And for the record, no I wasn't feeling guilty, my children hadn't even met this new person as it was not a "serious" relationship. Not wanting to go too specifically into the details of my life I had suffered 15 years of emotional abuse from my husband and finally learned to stand up for myself and for my children and get the hell out. I was actually feeling very proud of myself and wanting to provide a new life for me and my children, so there was no guilt in involved (just relief from getting away from a controlling husband!).

I'm not looking for someone to pat me on the back and say "you're special" as I know EVERYONE has dreams that reflect their lives in the near future at some point, we can all do it. I just was interested in finding out more and where they come from etc!

I'm not offended by your comments at all, and thank you for taking the time to reply. Your view on the "unconcious mind" also does make a lot of sense as well, it just seemed strange to me that my dream was in connection with my mobile phone and losing the number and then the very next day it happened. I don't usually remember dreams like it were a movie I watched, it is usually the feelings and emotions that bring the thoughts back into my mind and can never remember "seeing" the dream. So it was those feelings and emotions although not quite so bad that affected me the next day.

Mandalay

A few months ago I had a dream which I can only describe as a kind of "warning" dream to me. A little background knowledge of my life at the time first though before I get onto the dream:- I was in the middle of seperating from my husband and had been on my own in my flat for about four months. I had started seeing someone else.  My children stayed with me on some nights whilst I looked for a bigger place to live in.

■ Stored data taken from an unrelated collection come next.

Definition quat_to (x : quat R) := (qa x, qb x, qc x, qd x).
Definition quat_of (p : R * R * R * R) := Quat p.1.1.1 p.1.1.2 p.1.2 p.2.
Lemma quat_toK : cancel quat_to quat_of. Proof. by case. Qed.

HB.instance Definition _ := Equality.copy (quat R) (can_type quat_toK).
HB.instance Definition _ := Choice.copy (quat R) (can_type quat_toK).

Definition qzero : quat R := Quat 0 0 0 0.
Definition qone : quat R := Quat 1 0 0 0.
Definition qopp (x : quat R) := Quat (- qa x) (- qb x) (- qc x) (- qd x).
Definition qadd (x y : quat R) :=
  Quat (qa x + qa y) (qb x + qb y) (qc x + qc y) (qd x + qd y).
Definition qmul (x y : quat R) :=
  Quat (qa x * qa y - qb x * qb y - qc x * qc y - qd x * qd y)
       (qa x * qb y + qb x * qa y + qc x * qd y - qd x * qc y)
       (qa x * qc y - qb x * qd y + qc x * qa y + qd x * qb y)
       (qa x * qd y + qb x * qc y - qc x * qb y + qd x * qa y).

Fact qaddA : associative qadd.
Proof. by move=> [? ? ? ?] [? ? ? ?] [? ? ? ?]; rewrite /qadd /=; congr Quat; ring. Qed.
Fact qaddC : commutative qadd.
Proof. by move=> [? ? ? ?] [? ? ? ?]; rewrite /qadd /=; congr Quat; ring. Qed.
Fact qadd0 : left_id qzero qadd.
Proof. by move=> [? ? ? ?]; rewrite /qadd /=; congr Quat; ring. Qed.
Fact qaddN : left_inverse qzero qopp qadd.
Proof. by move=> [? ? ? ?]; rewrite /qadd /=; congr Quat; ring. Qed.
Fact qmulA : associative qmul.
Proof. by move=> [? ? ? ?] [? ? ? ?] [? ? ? ?]; rewrite /qmul /=; congr Quat; ring. Qed.
Fact qmul1 : left_id qone qmul.
Proof. by move=> [? ? ? ?]; rewrite /qmul /=; congr Quat; ring. Qed.
Fact qmulr1 : right_id qone qmul.
Proof. by move=> [? ? ? ?]; rewrite /qmul /=; congr Quat; ring. Qed.
Fact qmulDl : left_distributive qmul qadd.
Proof. by move=> [? ? ? ?] [? ? ? ?] [? ? ? ?]; rewrite /qmul /qadd /=; congr Quat; ring. Qed.
Fact qmulDr : right_distributive qmul qadd.
Proof. by move=> [? ? ? ?] [? ? ? ?] [? ? ? ?]; rewrite /qmul /qadd /=; congr Quat; ring. Qed.
Fact qone_neq0 : qone != qzero.
Proof. by apply/eqP => -[] /eqP; rewrite oner_eq0. Qed.

HB.instance Definition _ := GRing.isNzRing.Build (quat R)
  qaddA qaddC qadd0 qaddN qmulA qmul1 qmulr1 qmulDl qmulDr qone_neq0.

I was having real jealousy problems with my husband and he knew I was seeing someone else. One night I dreamt that I had lost the new man's phone number, it had completely disappeared from my mobile (I know that sounds kinda daft!!) but I over-reacted in the dream and was absolutely devastated...I thought I would never get the phone number back, and was trying to call his friend who wasn't answering me etc etc I was in a real panic and can still remember the feeling in my dream. Now in reality, I know that I wouldnt panic so much considering I work with the guy and all I have to do if that happens is actually ask him at work for the number again!

Anyway the next morning - wide a wake, vaguely still having memory of the dream but putting it to the back of my mind. I was standing in the kitchen and my kids were playing in the front room. My son came in and started acting funny and sneaky then left.. a few moments later I walk into the front room and see my son hiding under the computer desk with my mobile phone in his hand, talking to daddy saying "yes she is still seeing that man and he has called her and she has texts from him too" ... obviously very angry I grabbed the phone back and blasted my ex to pieces for using our son as a "spy". I was pretty angry with my son too and now I regret that.

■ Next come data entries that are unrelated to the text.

(* Let $(A,G)$ be an admissible pair with $A\in M_{Q_0}(\mathbb Z)$, and assume that $G$ has at most one non-trivial orbit in $Q_0$. Then $(A,G)$ is a stable admissible pair.
   Context: $Q_0$ finite; $A=(a_{ij})$ skew-symmetrizable ($DA$ skew-symmetric for a positive integer diagonal $D$). Mutation $\mu_k(B)=(b'_{ij})$: $b'_{ij}=-b_{ij}$ if $k\in\{i,j\}$, else $b_{ij}+\tfrac12(|b_{ik}|b_{kj}+b_{ik}|b_{kj}|)$. A permutation $g$ of $Q_0$ is an automorphism of $B$ if $b_{gi,gj}=b_{ij}$; a group $G$ of automorphisms of $B$ is admissible ($(B,G)$ an admissible pair) if for distinct $i,j$ in the same $G$-orbit there is no path of length $1$ or $2$ from $i$ to $j$ in the quiver of $B$ ($b_{ij}\le0$ and no $k$ with $b_{ik}>0$, $b_{kj}>0$). For a $G$-orbit $\mathbf i$, $\mu^G_{\mathbf i}=\prod_{j\in\mathbf i}\mu_j$. $(A,G)$ is stable if for every finite sequence of $G$-orbits $\mathbf i_1,\ldots,\mathbf i_n$, each pair $(\mu^G_{\mathbf i_m}\circ\cdots\circ\mu^G_{\mathbf i_1}(A),G)$, $1\le m\le n$, is admissible. *)

From HB Require Import structures.
From mathcomp Require Import all_boot all_order all_fingroup all_algebra.
Set Implicit Arguments. Unset Strict Implicit. Unset Printing Implicit Defensive.
Import Order.TTheory GRing.Theory Num.Theory.
Local Open Scope ring_scope.

Definition qmat (Q : finType) := Q -> Q -> int.

Definition skew_symmetrizable (Q : finType) (A : qmat Q) : Prop :=
  exists d : Q -> nat, (forall i, (0 < d i)%N) /\
    forall i j, (d i)%:Z * A i j = - ((d j)%:Z * A j i).

(* Matrix mutation mu_k. The quantity |b_ik| b_kj + b_ik |b_kj| is always
   even, so the exact division by 2 is an integer division. *)
Definition mutate (Q : finType) (k : Q) (B : qmat Q) : qmat Q :=
  fun i j => if (i == k) || (j == k) then - B i j
             else B i j + ((`|B i k| * B k j + B i k * `|B k j|) %/ 2)%Z.

Definition gorbit (Q : finType) (G : {group {perm Q}}) (i : Q) : {set Q} :=
  [set (g : {perm Q}) i | g in G].

Definition is_aut (Q : finType) (B : qmat Q) (g : {perm Q}) : Prop :=
  forall i j, B (g i) (g j) = B i j.

Definition admissible (Q : finType) (B : qmat Q) (G : {group {perm Q}}) : Prop :=
  (forall g, g \in G -> is_aut B g) /\
  (forall i j, j \in gorbit G i -> i != j ->
     B i j <= 0 /\ ~ (exists k, 0 < B i k /\ 0 < B k j)).

Definition orbit_mutate (Q : finType) (o : {set Q}) (B : qmat Q) : qmat Q :=
  foldr (fun j B' => mutate j B') B (enum o).

Definition orbit_mutate_seq (Q : finType) (s : seq {set Q}) (B : qmat Q) : qmat Q :=
  foldl (fun B' o => orbit_mutate o B') B s.

Definition is_gorbit (Q : finType) (G : {group {perm Q}}) (o : {set Q}) : Prop :=
  exists i, o = gorbit G i.

Definition stable (Q : finType) (A : qmat Q) (G : {group {perm Q}}) : Prop :=
  forall s : seq {set Q}, (forall o, o \in s -> is_gorbit G o) ->
    forall m : nat, (1 <= m <= size s)%N ->
      admissible (orbit_mutate_seq (take m s) A) G.

Definition at_most_one_nontrivial_orbit (Q : finType) (G : {group {perm Q}}) : Prop :=
  forall i j, (1 < #|gorbit G i|)%N -> (1 < #|gorbit G j|)%N -> gorbit G i = gorbit G j.

From mathcomp Require Import all_boot all_order all_fingroup all_algebra.
From mathcomp Require Import ring zify.
Set Implicit Arguments. Unset Strict Implicit. Unset Printing Implicit Defensive.
Import Order.TTheory GRing.Theory Num.Theory.
Local Open Scope ring_scope.

(* The invariant carried along any sequence of orbit mutations is: B is
   skew-symmetrized by the original D, G acts by automorphisms of B, and B
   vanishes on every block orbit x orbit. Given this invariant an orbit
   mutation is the usual mutation formula summed over the orbit, so the
   invariant is preserved, and it implies admissibility. The only
   non-formal point is the vanishing on a non-trivial orbit {i, g i, ...}
   after mutating at another orbit: the mutated orbit is then a single
   G-fixed vertex k, and the correction term for (i, g i) through k is built from
   b_ik and b_{k, g i} = b_{g k, g i} = b_ki, which have opposite signs.
   The same remark forbids a path i -> k -> g i of length 2. Initially the
   vanishing follows from b_ij <= 0, b_ji <= 0 and skew-symmetrizability. *)

Definition mutation_term (x y : int) : int := ((`|x| * y + x * `|y|) %/ 2)%Z.

Lemma mutateE (Q : finType) (k : Q) (B : qmat Q) i j : mutate k B i j =
  if (i == k) || (j == k) then - B i j else B i j + mutation_term (B i k) (B k j).
Proof. by []. Qed.

Lemma mutation_termK x y : mutation_term x y * 2 = `|x| * y + x * `|y|.
Proof.
have [c E] : exists c, `|x| * y + x * `|y| = c * 2.
  case: (lerP 0 x) => hx; case: (lerP 0 y) => hy;
    [exists (x * y) | exists 0 | exists 0 | exists (- (x * y))]; nia.
by rewrite /mutation_term E mulzK.
Qed.

Lemma mutation_term_eq0 x y : x * y <= 0 -> mutation_term x y = 0.
Proof.
move=> xy_le0; have E : `|x| * y + x * `|y| = 0 by nia.
by rewrite /mutation_term E div0z.
Qed.

Lemma mutation_term0l y : mutation_term 0 y = 0.
Proof. by apply: mutation_term_eq0; rewrite mul0r. Qed.

Lemma mutation_term0r x : mutation_term x 0 = 0.
Proof. by apply: mutation_term_eq0; rewrite mulr0. Qed.

Section SkewSymmetrizer.

Variables (Q : finType) (d : Q -> nat).
Hypothesis d_gt0 : forall i, (0 < d i)%N.

Definition skew_symmetrized_by (B : qmat Q) : Prop :=
  forall i j, (d i)%:Z * B i j = - ((d j)%:Z * B j i).

Lemma skew_mul_le0 B i j : skew_symmetrized_by B -> B i j * B j i <= 0.
Proof.
move=> skB; have := skB i j; have := d_gt0 i; have := d_gt0 j.
have : (d i)%:Z * (d j)%:Z * (B i j * B j i) = - ((d j)%:Z * B j i) ^+ 2.
  by rewrite expr2 -mulNr -skB; ring.
nia.
Qed.

Lemma skew_diag_eq0 B i : skew_symmetrized_by B -> B i i = 0.
Proof. by move=> skB; have := skB i i; have := d_gt0 i; nia. Qed.

Lemma skew_normr B i j :
  skew_symmetrized_by B -> (d i)%:Z * `|B i j| = (d j)%:Z * `|B j i|.
Proof. by move=> skB; have := congr1 Num.norm (skB i j); rewrite normrN !normrM. Qed.

Lemma mutate_skew B k : skew_symmetrized_by B -> skew_symmetrized_by (mutate k B).
Proof.
move=> skB i j; rewrite !mutateE orbC.
case: ifP => _; first by rewrite !mulrN skB.
rewrite !mulrDr opprD skB; congr (_ + _).
apply: (@mulIf _ 2) => //; rewrite mulNr -!mulrA !mutation_termK.
(* Once multiplied by d_k > 0, both sides are rewritten to the same terms
   with the skew-symmetry relations at (i, k) and (k, j). *)
have := skB i k; have := skB k j.
have := skew_normr i k skB; have := skew_normr k j skB.
move: (B i k) (B k i) (B k j) (B j k) (d_gt0 k) => a a' b b' dk_gt0 ea eb Ea Eb.
apply: (@mulIf _ (d k)%:Z); first by rewrite eqz_nat -lt0n.
have := congr1 (fun t => t * `|b|) Ea; have := congr1 (fun t => t * `|a'|) Eb.
have := congr1 (fun t => t * b) ea; have := congr1 (fun t => t * a') eb.
rewrite /=; nia.
Qed.

Lemma orbit_mutate_skew B o :
  skew_symmetrized_by B -> skew_symmetrized_by (orbit_mutate o B).
Proof.
by move=> skB; rewrite /orbit_mutate; elim: (enum o) => //= k s IHs; apply: mutate_skew.
Qed.

End SkewSymmetrizer.

Section MutationAtDisconnectedVertices.

Variables (Q : finType) (B : qmat Q).

Lemma foldr_mutateE (s : seq Q) :
  uniq s -> (forall k l, k \in s -> l \in s -> B k l = 0) ->
  forall i j, foldr (@mutate Q) B s i j =
    if (i \in s) || (j \in s) then - B i j
    else B i j + \sum_(k <- s) mutation_term (B i k) (B k j).
Proof.
elim: s => [|k s IHs] /=; first by move=> _ _ i j; rewrite big_nil addr0.
case/andP=> k_notin_s uniq_s B0.
have B0s l l' : l \in s -> l' \in s -> B l l' = 0.
  by move=> ls l's; apply: B0; rewrite inE ?ls ?l's orbT.
have Bk0 l : l \in s -> B k l = 0 /\ B l k = 0.
  by move=> ls; split; apply: B0; rewrite inE ?ls ?eqxx ?orbT.
move: (IHs uniq_s B0s); set Bs := foldr _ B s => BsE.
have Bs_row a : Bs k a = B k a.
  rewrite BsE (negbTE k_notin_s) /=.
  case: ifP => [a_s | _]; first by rewrite (Bk0 a a_s).1 oppr0.
  by rewrite big1_seq ?addr0 // => l /andP[_ /Bk0[-> _]]; rewrite mutation_term0l.
have Bs_col a : Bs a k = B a k.
  rewrite BsE (negbTE k_notin_s) orbF.
  case: ifP => [a_s | _]; first by rewrite (Bk0 a a_s).2 oppr0.
  by rewrite big1_seq ?addr0 // => l /andP[_ /Bk0[_ ->]]; rewrite mutation_term0r.
move=> i j; rewrite mutateE Bs_row Bs_col !inE big_cons.
case: (eqVneq i k) => [->|_]; first by rewrite Bs_row.
case: (eqVneq j k) => [->|_]; first by rewrite /= orbT Bs_col.
rewrite /= BsE; case: ifP => [/orP[/Bk0[_ ->] | /Bk0[-> _]] | _].
- by rewrite mutation_term0l addr0.
- by rewrite mutation_term0r addr0.
- by rewrite addrAC addrA.
Qed.

Lemma orbit_mutateE (o : {set Q}) :
  (forall k l, k \in o -> l \in o -> B k l = 0) ->
  forall i j, orbit_mutate o B i j =
    if (i \in o) || (j \in o) then - B i j
    else B i j + \sum_(k in o) mutation_term (B i k) (B k j).
Proof.
move=> B0 i j; rewrite /orbit_mutate foldr_mutateE ?enum_uniq ?mem_enum ?big_enum //.
by move=> k l; rewrite !mem_enum; apply: B0.
Qed.

End MutationAtDisconnectedVertices.

Section Orbits.

Variables (Q : finType) (G : {group {perm Q}}).

Lemma gorbit_refl i : i \in gorbit G i.
Proof. exact: (orbit_refl 'P). Qed.

Lemma gorbit_sym i j : (i \in gorbit G j) = (j \in gorbit G i).
Proof. exact: (orbit_sym 'P). Qed.

Lemma gorbit_transl i j k :
  j \in gorbit G i -> (j \in gorbit G k) = (i \in gorbit G k).
Proof. exact: (@orbit_transl _ _ 'P). Qed.

Lemma gorbit_actr g i j : g \in G -> (g j \in gorbit G i) = (j \in gorbit G i).
Proof. exact: (orbit_actr 'P). Qed.

Lemma gorbit_card_gt1 i j : j \in gorbit G i -> i != j -> (1 < #|gorbit G i|)%N.
Proof. by move=> ji ij; apply/card_gt1P; exists i, j; rewrite gorbit_refl. Qed.

Lemma gorbit_fixed_off_nontrivial i k g :
  at_most_one_nontrivial_orbit G -> (1 < #|gorbit G i|)%N -> k \notin gorbit G i ->
  g \in G -> g k = k.
Proof.
move=> one_orbit i_gt1 k_notin_i gG.
have k_triv : #|orbit 'P G k| = 1%N.
  apply/eqP; rewrite eqn_leq card_gt0; apply/andP; split.
    rewrite leqNgt; apply: contra k_notin_i => /one_orbit/(_ i_gt1) <-.
    exact: gorbit_refl.
  by apply/set0Pn; exists k; apply: gorbit_refl.
by have /orbit1P/afixP := card_orbit1 k_triv; apply.
Qed.

End Orbits.

Section MutationInvariant.

Variables (Q : finType) (G : {group {perm Q}}).

Definition vanishes_on_orbits (B : qmat Q) : Prop :=
  forall i j, j \in gorbit G i -> B i j = 0.

Definition acts_by_auts (B : qmat Q) : Prop := forall g, g \in G -> is_aut B g.

Lemma vanishes_on_orbit_block B x :
  vanishes_on_orbits B ->
  forall k l, k \in gorbit G x -> l \in gorbit G x -> B k l = 0.
Proof.
move=> B0 k l kx lx; apply: B0.
by rewrite gorbit_sym (gorbit_transl _ kx) gorbit_sym.
Qed.

Lemma acts_by_auts_orbit_mutate B x :
  acts_by_auts B -> vanishes_on_orbits B -> acts_by_auts (orbit_mutate (gorbit G x) B).
Proof.
move=> autB B0 g gG i j; have B0x := vanishes_on_orbit_block (x := x) B0.
rewrite !(orbit_mutateE B0x) !gorbit_actr // autB //; case: ifP => // _.
congr (_ + _); rewrite (reindex_inj (@perm_inj _ g)) /=.
by apply: eq_big => [k | k _]; rewrite ?gorbit_actr ?autB.
Qed.

Variable d : Q -> nat.
Hypothesis d_gt0 : forall i, (0 < d i)%N.
Hypothesis one_orbit : at_most_one_nontrivial_orbit G.

Lemma skew_aut_fixed_le0 B g i k :
  skew_symmetrized_by d B -> is_aut B g -> g k = k -> B i k * B k (g i) <= 0.
Proof.
move=> skB autB gk; have -> : B k (g i) = B k i by rewrite -{1}gk autB.
exact: skew_mul_le0.
Qed.

Lemma vanishes_on_orbits_mutate B x :
  skew_symmetrized_by d B -> acts_by_auts B -> vanishes_on_orbits B ->
  vanishes_on_orbits (orbit_mutate (gorbit G x) B).
Proof.
move=> skB autB B0 i j ji; rewrite (orbit_mutateE (vanishes_on_orbit_block B0)).
case: ifP => [_ | /norP[i_notin_x _]]; first by rewrite B0 ?oppr0.
rewrite B0 // add0r; apply: big1 => k kx; apply: mutation_term_eq0.
have [<- | ij] := eqVneq i j; first exact: skew_mul_le0.
have k_notin_i : k \notin gorbit G i by rewrite (gorbit_transl _ kx) gorbit_sym.
have i_gt1 := gorbit_card_gt1 ji ij.
case/imsetP: ji => g gG ->; apply: skew_aut_fixed_le0 => //; first exact: autB.
exact: gorbit_fixed_off_nontrivial one_orbit i_gt1 k_notin_i gG.
Qed.

Definition mutation_invariant (B : qmat Q) : Prop :=
  [/\ skew_symmetrized_by d B, acts_by_auts B & vanishes_on_orbits B].

Lemma mutation_invariant_orbit_mutate B x :
  mutation_invariant B -> mutation_invariant (orbit_mutate (gorbit G x) B).
Proof.
case=> skB autB B0; split.
- exact: orbit_mutate_skew.
- exact: acts_by_auts_orbit_mutate.
- exact: vanishes_on_orbits_mutate.
Qed.

Lemma mutation_invariant_orbit_mutate_seq s B :
  (forall o, o \in s -> is_gorbit G o) ->
  mutation_invariant B -> mutation_invariant (orbit_mutate_seq s B).
Proof.
elim: s B => //= o s IHs B s_orbits invB; apply: IHs.
  by move=> o' o's; apply: s_orbits; rewrite inE o's orbT.
have [x ->] : is_gorbit G o by apply: s_orbits; rewrite inE eqxx.
exact: mutation_invariant_orbit_mutate.
Qed.

Lemma mutation_invariant_admissible B : mutation_invariant B -> admissible B G.
Proof.
case=> skB autB B0; split=> // i j ji ij; split; first by rewrite B0.
case=> k [Bik_gt0 Bkj_gt0].
have k_notin_i : k \notin gorbit G i by apply: contraTN Bik_gt0 => /B0 ->.
have i_gt1 := gorbit_card_gt1 ji ij.
case/imsetP: ji Bkj_gt0 => g gG -> Bkj_gt0.
have := gorbit_fixed_off_nontrivial one_orbit i_gt1 k_notin_i gG.
by move/(skew_aut_fixed_le0 i skB (autB g gG)); rewrite leNgt mulr_gt0.
Qed.

Lemma admissible_vanishes_on_orbits B :
  skew_symmetrized_by d B -> admissible B G -> vanishes_on_orbits B.
Proof.
move=> skB [_ no_arrow] i j ji.
have [<- | ij] := eqVneq i j; first exact: skew_diag_eq0.
have [Bij_le0 _] := no_arrow i j ji ij.
have ij' : j != i by rewrite eq_sym.
have ji' : i \in gorbit G j by rewrite gorbit_sym.
have [Bji_le0 _] := no_arrow j i ji' ij'.
by have := skB i j; have := d_gt0 i; have := d_gt0 j; nia.
Qed.

End MutationInvariant.

Theorem mainTheorem12 (Q : finType) (A : qmat Q) (G : {group {perm Q}}) :
  skew_symmetrizable A -> admissible A G -> at_most_one_nontrivial_orbit G ->
  stable A G.
Proof.
move=> [d [d_gt0 skA]] admA one_orbit s s_orbits m _.
apply: (mutation_invariant_admissible d_gt0 one_orbit).
apply: (mutation_invariant_orbit_mutate_seq d_gt0 one_orbit).
  by move=> o /mem_take; apply: s_orbits.
split=> //; first by case: admA.
exact: admissible_vanishes_on_orbits.
Qed.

I also realised that my son had deleted my boyfriends number from the phone. Easy to retrieve I just got the number back from one of the text messages he had sent.

But, still later that day this event gave me the shivers as I tied it in with the dream I had the night before. It just seemed tooooo coincidental to brush off.

Obviously it was some kind of premonition, but what sort..was it spirit guides or angels or something around me trying to warn me of this. If so, why? What could I have done to stop this. It actually caused huge problems for me and the ex after this and I later apologised to my son, he learned his lesson though and never did it again!